IVA — Inventiva S.A.

Summary of Inventiva (IVA) Q4 2025 Earnings Call

1. Key Financial Results and Metrics

• As of December 31, 2025, Inventiva reported cash, cash equivalents, and short-term deposits totaling EUR 230.9 million.
• The company raised approximately EUR 108 million from a structured financing event and EUR 139.4 million from a U.S. public offering in 2025.
• Estimated cash runway extends to mid-Q1 2027, or mid-Q3 2027 with full exercise of tranche 3 warrants, which could generate up to EUR 116 million.
• R&D expenses for the year were EUR 87 million, reflecting prioritization of the lanifibranor pipeline.
• G&A expenses totaled EUR 47.9 million, including EUR 20.3 million in non-cash share-based compensation.

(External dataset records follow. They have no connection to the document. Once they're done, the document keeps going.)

Lemma count_partitions_containing (W : seq nat) n :
  uniq W -> all (fun x => 0 < x) W ->
  count (fun l => all (fun x => x \in l) W) (partitions n) =
  if sumn W <= n then npart (n - sumn W) else 0.
Proof.
move=> uniq_W W_gt0; case: ifP => [le_Wn|gt_Wn]; last first.
  apply/eqP; rewrite -leqn0 leqNgt -has_count; apply/hasPn => lam.
  rewrite mem_bparts bpartition_is_partition // => part_lam; apply/negP => W_sub.
  have [mu [_ _ le_Wn]] := partition_containing_split uniq_W part_lam W_sub.
  by rewrite le_Wn in gt_Wn.
rewrite -size_filter /npart -(size_map (fun mu => sort geq (W ++ mu))).
apply/perm_size/uniq_perm; first by rewrite filter_uniq ?uniq_bparts.
  rewrite map_inj_in_uniq ?uniq_bparts // => mu1 mu2.
  rewrite !mem_bparts !bpartition_is_partition // => /and3P[sorted1 _ _] /and3P[sorted2 _ _].
  move/(perm_sortP geq_total geq_trans geq_anti); rewrite perm_cat2l.
  exact: (sorted_eq geq_trans geq_anti).
move=> lam; rewrite mem_filter mem_bparts bpartition_is_partition //; apply/andP/mapP.
  case=> W_sub part_lam.
  have [mu [part_mu -> _]] := partition_containing_split uniq_W part_lam W_sub.
  by exists mu; rewrite ?mem_bparts ?bpartition_is_partition.
case=> mu; rewrite mem_bparts bpartition_is_partition // => part_mu ->; split.
  by apply/allP => x x_in_W; rewrite mem_sort mem_cat x_in_W.
by rewrite -[X in is_partition X](subnKC le_Wn) is_partition_sort_cat.
Qed.

(** * The statistic mex_{A,a} *)

Definition arith_run A a (l : seq nat) : nat :=
  find (fun i => a + i * A \notin l) (iota 0 (sumn l).+1).

Definition progression A a k := [seq a + i * A | i <- iota 0 k].

Section ArithRun.

Variables (A a : nat).
Hypotheses (a_gt0 : 0 < a) (a_le_A : a <= A).

Let A_gt0 : 0 < A. Proof. exact: leq_trans a_le_A. Qed.

Lemma arith_runP l :
  [/\ arith_run A a l <= sumn l, a + arith_run A a l * A \notin l
    & forall i, i < arith_run A a l -> a + i * A \in l].
Proof.
have has_missing : has (fun i => a + i * A \notin l) (iota 0 (sumn l).+1).
  apply/hasP; exists (sumn l); first by rewrite mem_iota ltnSn.
  apply: contraTN isT => /mem_leq_sumn; rewrite leqNgt; apply: contraNN => _.
  by rewrite -add1n leq_add // leq_pmulr.
have := has_missing; rewrite has_find size_iota => run_lt.
split; first by rewrite -ltnS.
  by have := nth_find 0 has_missing; rewrite nth_iota.
move=> i lt_i_run; have := before_find 0 lt_i_run; rewrite nth_iota ?add0n ?(ltn_trans lt_i_run) //.
exact: negbFE.
Qed.

Lemma all_progression_in l k :
  all (fun x => x \in l) (progression A a k) = (k <= arith_run A a l).
Proof.
have [_ run_notin run_in] := arith_runP l.
rewrite all_map; apply/allP/idP => [l_has|le_k_run i].
  by rewrite leqNgt; apply: contra run_notin => /= lt_run_k; apply: (l_has _); rewrite mem_iota.
by rewrite mem_iota => /andP[_ lt_ik]; apply: run_in; apply: leq_trans lt_ik le_k_run.
Qed.

Lemma mex_arith_run l : mex A a l = a + arith_run A a l * A.
Proof.
have [run_le run_notin run_in] := arith_runP l.
rewrite /mex; apply: head_filter_iota.
- rewrite (leq_trans a_gt0 (leq_addr _ _)) add1n ltnS leq_add2l mulnC leq_mul2l.
  by rewrite ltnW ?orbT.
- by rewrite run_notin andbT addnC modnMDl.
move=> y /andP[y_gt0 lt_y]; apply/negP => /andP[y_mod /negP]; apply.
have le_ay : a <= y.
  rewrite leqNgt; apply/negP => lt_ya; move: y_mod.
  rewrite (modn_small (leq_trans lt_ya a_le_A)); case: (ltngtP a A) a_le_A => // [lt_aA|->] _.
    by rewrite modn_small // => /eqP eq_ya; rewrite eq_ya ltnn in lt_ya.
  by rewrite modnn => /eqP y0; rewrite y0 in y_gt0.
move: y_mod; rewrite eqn_mod_dvd // => /dvdnP[q eq_q].
rewrite -(subnKC le_ay) eq_q; apply: run_in.
by rewrite -(ltn_pmul2r A_gt0) -(ltn_add2l a) -eq_q subnKC.
Qed.

Lemma mex_mod2A l : (mex A a l == a %[mod 2 * A]) = ~~ odd (arith_run A a l).
Proof.
rewrite mex_arith_run; set r := arith_run A a l.
have -> : a + r * A = r./2 * (2 * A) + (a + odd r * A).
  by rewrite -{1}(odd_double_half r) -muln2; lia.
rewrite modnMDl; case: (odd r); last by rewrite mul0n addn0 eqxx.
rewrite mul1n eqn_mod_dvd ?leq_addr // addKn; apply/negP => /dvdn_leq.
by rewrite A_gt0 => /(_ isT); rewrite leqNgt mulnC -{1}(muln1 A) ltn_pmul2l.
Qed.

Lemma uniq_progression k : uniq (progression A a k).
Proof.
rewrite map_inj_uniq ?iota_uniq // => i j /addnI /eqP.
by rewrite eqn_pmul2r // => /eqP.
Qed.

Lemma progression_gt0 k : all (fun x => 0 < x) (progression A a k).
Proof. by rewrite all_map; apply/allP => i _ /=; rewrite ltn_addr. Qed.

End ArithRun.

Lemma sumn_progression A a k : 2 * sumn (progression A a k) + A * k = 2 * k * a + A * (k * k).
Proof.
elim: k => [|k IHk]; first by rewrite /progression /= !muln0.
have -> : progression A a k.+1 = progression A a k ++ [:: a + k * A].
  by rewrite /progression -addn1 iotaD map_cat.
by rewrite sumn_cat /=; nia.
Qed.

Lemma odd_count_even (T : Type) (f : T -> nat) (s : seq T) :
  odd (count (fun x => ~~ odd (f x)) s) = odd (\sum_(x <- s) (f x).+1).
Proof.
elim: s => [|x s IHs]; rewrite ?big_nil ?big_cons //= !oddD IHs /=.
by case: (odd (f x)); case: (odd (\sum_(j <- s) _)).
Qed.

Lemma sum_ord_leq K m : \sum_(k < K) (k <= m : nat) = minn K m.+1.
Proof.
elim: K => [|K IHK]; first by rewrite big_ord0.
by rewrite big_ord_recr /= IHK; case: (leqP K m) => ?; lia.
Qed.

(* A partition with run r contributes r + 1 = #{k | k <= r} to the sum, which has
   the parity of the indicator of r even. *)
Lemma odd_p_mex A a n K : 0 < a -> a <= A -> n < K ->
  odd (p_mex A a n) =
  odd (\sum_(k < K)
         if sumn (progression A a k) <= n then npart (n - sumn (progression A a k)) else 0).
Proof.
move=> a_gt0 a_le_A lt_nK.
under eq_bigr => k _ do rewrite -count_partitions_containing ?uniq_progression ?progression_gt0 //.
rewrite /p_mex count_partitions (eq_count (a2 := fun l => ~~ odd (arith_run A a l))); last first.
  by move=> l; rewrite mex_mod2A.
rewrite odd_count_even; congr odd; symmetry.
rewrite (eq_bigr (fun k : 'I_K => \sum_(l <- partitions n)
    (all (fun x => x \in l) (progression A a k) : nat))); last by move=> k _; rewrite count_sum.
rewrite exchange_big /=; apply: eq_big_seq => l.
rewrite mem_bparts bpartition_is_partition // => /and3P[_ _ /eqP sum_l].
under eq_bigr => k _ do rewrite all_progression_in //.
have [run_le _ _] := arith_runP a_gt0 a_le_A l.
by rewrite sum_ord_leq; apply/minn_idPr; rewrite (leq_ltn_trans run_le) // sum_l.
Qed.

(** * Pentagonal numbers and Euler's product *)

(* The generalized pentagonal numbers j(3j - 1)/2 and j(3j + 1)/2. *)
Definition pent_lo j := j * j + 'C(j, 2).
Definition pent_hi j := j * j + 'C(j.+1, 2).

(* Representations of m as a generalized pentagonal number of index at most n; the
   index 0, where both forms vanish, is counted once. *)
Definition pent_reps n m :=
  (m == 0) + count (fun j => pent_lo j == m) (iota 1 n)
  + count (fun j => pent_hi j == m) (iota 1 n).

Definition pent_count m := pent_reps m m.

Lemma pent_lo_ge j : j <= pent_lo j.
Proof. by rewrite /pent_lo; case: j => // j; nia. Qed.

Lemma pent_hi_ge j : j <= pent_hi j.
Proof. by rewrite /pent_hi; case: j => // j; nia. Qed.

Lemma pent_reps_count n m : m <= n -> pent_reps n m = pent_count m.
Proof.
move=> le_mn; rewrite /pent_count /pent_reps -(subnKC le_mn) iotaD !count_cat.
have no_large (f : nat -> nat) :
    (forall j, j <= f j) -> count (fun j => f j == m) (iota (1 + m) (n - m)) = 0.
  move=> f_ge; apply/eqP; rewrite -leqn0 leqNgt -has_count; apply/hasPn => j.
  rewrite mem_iota => /andP[lt_mj _]; apply/negP => /eqP f_j.
  by have := f_ge j; rewrite f_j leqNgt -add1n lt_mj.
by rewrite (no_large _ pent_lo_ge) (no_large _ pent_hi_ge) !addn0.
Qed.

Lemma pent_lo_closed j : 2 * pent_lo j + j = 3 * (j * j).
Proof. rewrite /pent_lo; elim: j => [//|j IHj]; rewrite binS bin1; nia. Qed.

Lemma pent_hi_closed j : 2 * pent_hi j = 3 * (j * j) + j.
Proof. by have := pent_lo_closed j; rewrite /pent_lo /pent_hi binS bin1; lia. Qed.

Lemma pent_lo_le_hi j : pent_lo j <= pent_hi j.
Proof. by rewrite leq_add2l binS leq_addr. Qed.

Lemma pent_hi_mono j j' : j' < j -> pent_hi j' < pent_hi j.
Proof.
move=> lt_j'j; have := leq_mul lt_j'j lt_j'j.
by have := pent_hi_closed j; have := pent_hi_closed j'; nia.
Qed.

Lemma pent_lo_lt_pent_hi j j' : 0 < j -> j' <= j -> pent_lo j' < pent_hi j.
Proof.
move=> j_gt0 le_j'j; have := leq_mul le_j'j le_j'j.
by have := pent_hi_closed j; have := pent_lo_closed j'; nia.
Qed.

Lemma pent_hi_gap j j' : j < j' -> pent_hi j + 2 * j < pent_lo j'.
Proof.
move=> lt_jj'; have := leq_mul lt_jj' lt_jj'.
by have := pent_hi_closed j; have := pent_lo_closed j'; nia.
Qed.

Lemma pent_count_gap j m : pent_hi j < m <= pent_hi j + 2 * j -> pent_count m = 0.
Proof.
case/andP=> lt_m le_m.
have not_pent j' : (pent_lo j' != m) && (pent_hi j' != m).
  have := pent_lo_le_hi j'; case: (ltngtP j' j) => [/pent_hi_mono|/pent_hi_gap|->]; lia.
rewrite /pent_count /pent_reps (gtn_eqF (leq_ltn_trans (leq0n _) lt_m)).
by rewrite !(@eq_count _ _ pred0) ?count_pred0 // => j' /=; apply/negbTE; case/andP: (not_pent j').
Qed.

Lemma pent_count_hi j : 0 < j -> pent_count (pent_hi j) = 1.
Proof.
move=> j_gt0; rewrite /pent_count /pent_reps (gtn_eqF (leq_trans j_gt0 (pent_hi_ge j))).
rewrite (@eq_count _ _ pred0) ?count_pred0; last first.
  move=> j' /=; apply/negbTE; case: (leqP j' j) => [/(pent_lo_lt_pent_hi j_gt0)|/pent_hi_gap]; lia.
rewrite (@eq_count _ _ (pred1 j)); last first.
  by move=> j' /=; case: (ltngtP j' j) => [/pent_hi_mono|/pent_hi_mono|->]; rewrite ?eqxx; lia.
by rewrite count_uniq_mem ?iota_uniq // mem_iota j_gt0 add1n ltnS pent_hi_ge.
Qed.

Section PentagonalIdentity.

Local Open Scope ring_scope.

Variable Rg : comNzRingType.

Definition euler_tail n k : {poly Rg} := \prod_(k <= i < n) (1 - 'X^(i.+1)).

Definition shanks_term n k : {poly Rg} := (-1) ^+ k * 'X^(n * k + 'C(k.+1, 2)) * euler_tail n k.

Fixpoint pent_poly n : {poly Rg} :=
  if n is n'.+1 then pent_poly n' + (-1) ^+ n * ('X^(pent_lo n) + 'X^(pent_hi n)) else 1.

Lemma euler_tail_id n : euler_tail n n = 1.
Proof. by rewrite /euler_tail big_geq. Qed.

Lemma euler_tail_recr n k : (k <= n)%N -> euler_tail n.+1 k = euler_tail n k * (1 - 'X^(n.+1)).
Proof. by move=> le_kn; rewrite /euler_tail big_nat_recr. Qed.

Lemma euler_tail_recl n k : (k < n)%N -> euler_tail n k = (1 - 'X^(k.+1)) * euler_tail n k.+1.
Proof. by move=> lt_kn; rewrite /euler_tail big_ltn. Qed.

Lemma shanks_term_recr n k : (k <= n)%N ->
  shanks_term n.+1 k = 'X^k * (1 - 'X^(n.+1)) * shanks_term n k.
Proof.
move=> le_kn; rewrite /shanks_term euler_tail_recr // mulSn -addnA addnCA exprD.
by rewrite !exprD; ring.
Qed.

Lemma shanks_term_recl n k : (k < n)%N ->
  (1 - 'X^(k.+1)) * shanks_term n k.+1 = - ('X^(k + n.+1) * shanks_term n k).
Proof.
move=> lt_kn; rewrite /shanks_term (euler_tail_recl lt_kn) binS bin1 mulnS.
rewrite (_ : (n + n * k + ('C(k.+1, 2) + k.+1) = (n * k + 'C(k.+1, 2)) + (k + n.+1))%N);
  last by lia.
by rewrite exprD (exprS (-1)); ring.
Qed.

(* Shanks' finite form of Euler's pentagonal number theorem: the term k = 0 is
   prod_(i < n) (1 - X^(i+1)) and the other terms are divisible by X^(n+1). *)
Lemma shanks_sum n : \sum_(0 <= k < n.+1) shanks_term n k = pent_poly n.
Proof.
elim: n => [|n IHn].
  by rewrite big_nat1 /shanks_term euler_tail_id muln0 /= expr0 !mulr1.
pose B k := if k is k'.+1 then - ('X^(k' + n.+1) * shanks_term n k') else 0.
have B_eq k : (k <= n)%N -> B k = (1 - 'X^k) * shanks_term n k.
  by case: k => [|k] lt_kn /=; rewrite ?expr0 ?subrr ?mul0r // shanks_term_recl.
have step k : (k <= n)%N -> shanks_term n.+1 k = (B k.+1 - B k) + shanks_term n k.
  by move=> le_kn; rewrite shanks_term_recr // [B k]B_eq //= exprD; ring.
rewrite /= -IHn big_nat_recr //=.
rewrite (eq_big_nat _ _ (F2 := fun k => (B k.+1 - B k) + shanks_term n k)); last first.
  by move=> k /andP[_]; apply: step.
rewrite big_split /= telescope_sumr // /pent_lo /pent_hi /B /shanks_term.
rewrite !euler_tail_id !mulr1 subr0.
rewrite (_ : (n.+1 * n.+1 + 'C(n.+1, 2) = n + n.+1 + (n * n + 'C(n.+1, 2)))%N); last first.
  by rewrite mulSn mulnS; lia.
by rewrite !exprD (exprS (-1)); ring.
Qed.

Lemma coef_euler_tail0 n m : (m <= n)%N -> (euler_tail n 0)`_m = (pent_poly n)`_m.
Proof.
move=> le_mn; rewrite -shanks_sum big_ltn // coefD coef_sum big1_seq ?addr0.
  by rewrite /shanks_term muln0 expr0 !mul1r.
move=> k /andP[_]; rewrite mem_iota => /andP[k_gt0 _].
rewrite /shanks_term mulrAC coefMXn ifT // binS bin1; nia.
Qed.

End PentagonalIdentity.

Lemma natZ2_odd x : (x%:R : 'Z_2)%R = (odd x)%:R%R.
Proof. by apply/val_inj; rewrite /= !val_Zp_nat // modn2; case: (odd x). Qed.

Lemma natZ2_inj_odd x y : (x%:R : 'Z_2)%R = y%:R%R -> odd x = odd y.
Proof. by move/(congr1 val); rewrite /= !val_Zp_nat // !modn2; case: (odd x); case: (odd y). Qed.

Lemma coef_pent_poly_Z2 n m : ((pent_poly 'Z_2 n)`_m = (pent_reps n m)%:R)%R.
Proof.
have m1_Z2 : (-1 : {poly 'Z_2})%R = 1%R by rewrite -polyCN -polyC1; congr (_%:P)%R; apply/val_inj.
elim: n => [|n IHn]; first by rewrite coef1 /pent_reps /= !addn0.
rewrite /= coefD IHn m1_Z2 expr1n mul1r coefD !coefXn /pent_reps.
have -> : iota 1 n.+1 = iota 1 n ++ [:: n.+1] by rewrite -[in LHS](addn1 n) iotaD.
rewrite !count_cat /= !addn0 !natrD [pent_lo _ == m]eq_sym [pent_hi _ == m]eq_sym.
by ring.
Qed.

(** * The parity identity *)

Section Convolution.

Local Open Scope ring_scope.

Variable Rg : comNzRingType.
Implicit Types f g : nat -> Rg.

Definition conv f g n := \sum_(0 <= i < n.+1) f i * g (n - i)%N.

Definition shift c f i := if (c <= i)%N then f (i - c)%N else 0.

Lemma eq_conv f f' g g' n :
  (forall i, (i <= n)%N -> f i = f' i) -> (forall i, (i <= n)%N -> g i = g' i) ->
  conv f g n = conv f' g' n.
Proof.
move=> eq_f eq_g; apply: eq_big_nat => i /andP[_ le_in].
by rewrite eq_f // eq_g ?leq_subr.
Qed.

2. Strategic Updates and Business Highlights

• Inventiva is focused on advancing lanifibranor for the treatment of Metabolic Associated Steatotic Hepatitis (MASH) through its global Phase III trial, NATiV3, which completed enrollment in April 2025.
• The anticipated top-line results from NATiV3 are now expected in Q4 2026, reflecting a disciplined approach to clinical milestones.
• The company sold global rights to odiparcil to Biossil for potential milestone payments of up to EUR 90 million and royalties on future sales, allowing a concentrated focus on lanifibranor.
• A strengthened leadership team was announced, including key hires in regulatory, quality, and commercial strategy roles.

3. Forward Guidance and Outlook

• The company is preparing for a potential launch of lanifibranor, with ongoing regulatory and commercial readiness efforts.
• The management expressed confidence in the market opportunity for lanifibranor, particularly in the underdiagnosed MASH population, which has seen a 25% increase in diagnosed cases compared to 2024.
• The company aims to replicate an 18% fibrosis improvement observed in Phase II trials, which they believe would position lanifibranor competitively in the market.

4. Bad News, Challenges, or Points of Concern

• The timeline for the top-line readout from the NATiV3 trial has been pushed to Q4 2026, indicating a longer wait for potential approval.
• There are concerns regarding the dropout rates in the trial, although management confirmed they remain below the 30% threshold required for financing covenants.
• Competitive pressures from other companies, such as Madrigal, were acknowledged, particularly as they continue to see strong market uptake in the U.S.
• The company is aware of the challenges in ensuring the safety profile of lanifibranor, particularly regarding weight gain and fluid retention associated with PPAR gamma agonists.

5. Notable Q&A Insights

• Management confirmed that the dropout rate in the NATiV3 trial is well within acceptable limits, maintaining confidence in trial power.
• Discussions highlighted the potential for weight gain associated with lanifibranor, with expectations that it may plateau and could be mitigated by concurrent diabetes treatments like GLP-1 inhibitors.
• The exploratory cohort of F4 patients in NATiV3 aims to assess safety and potential biological activity, which will inform future outcome-driven trials.
• Management indicated that while they are not actively pushing for increased diagnosis of MASH initially, they are aware of the growing awareness and diagnosis rates in the market.
• The regulatory pathway for accelerated approval was clarified, emphasizing that a trial must be underway at the time of filing for conditional approval.

Overall, Inventiva is strategically positioned with a strong cash position and focused efforts on lanifibranor, but faces challenges related to trial timelines and competitive pressures in the MASH treatment landscape.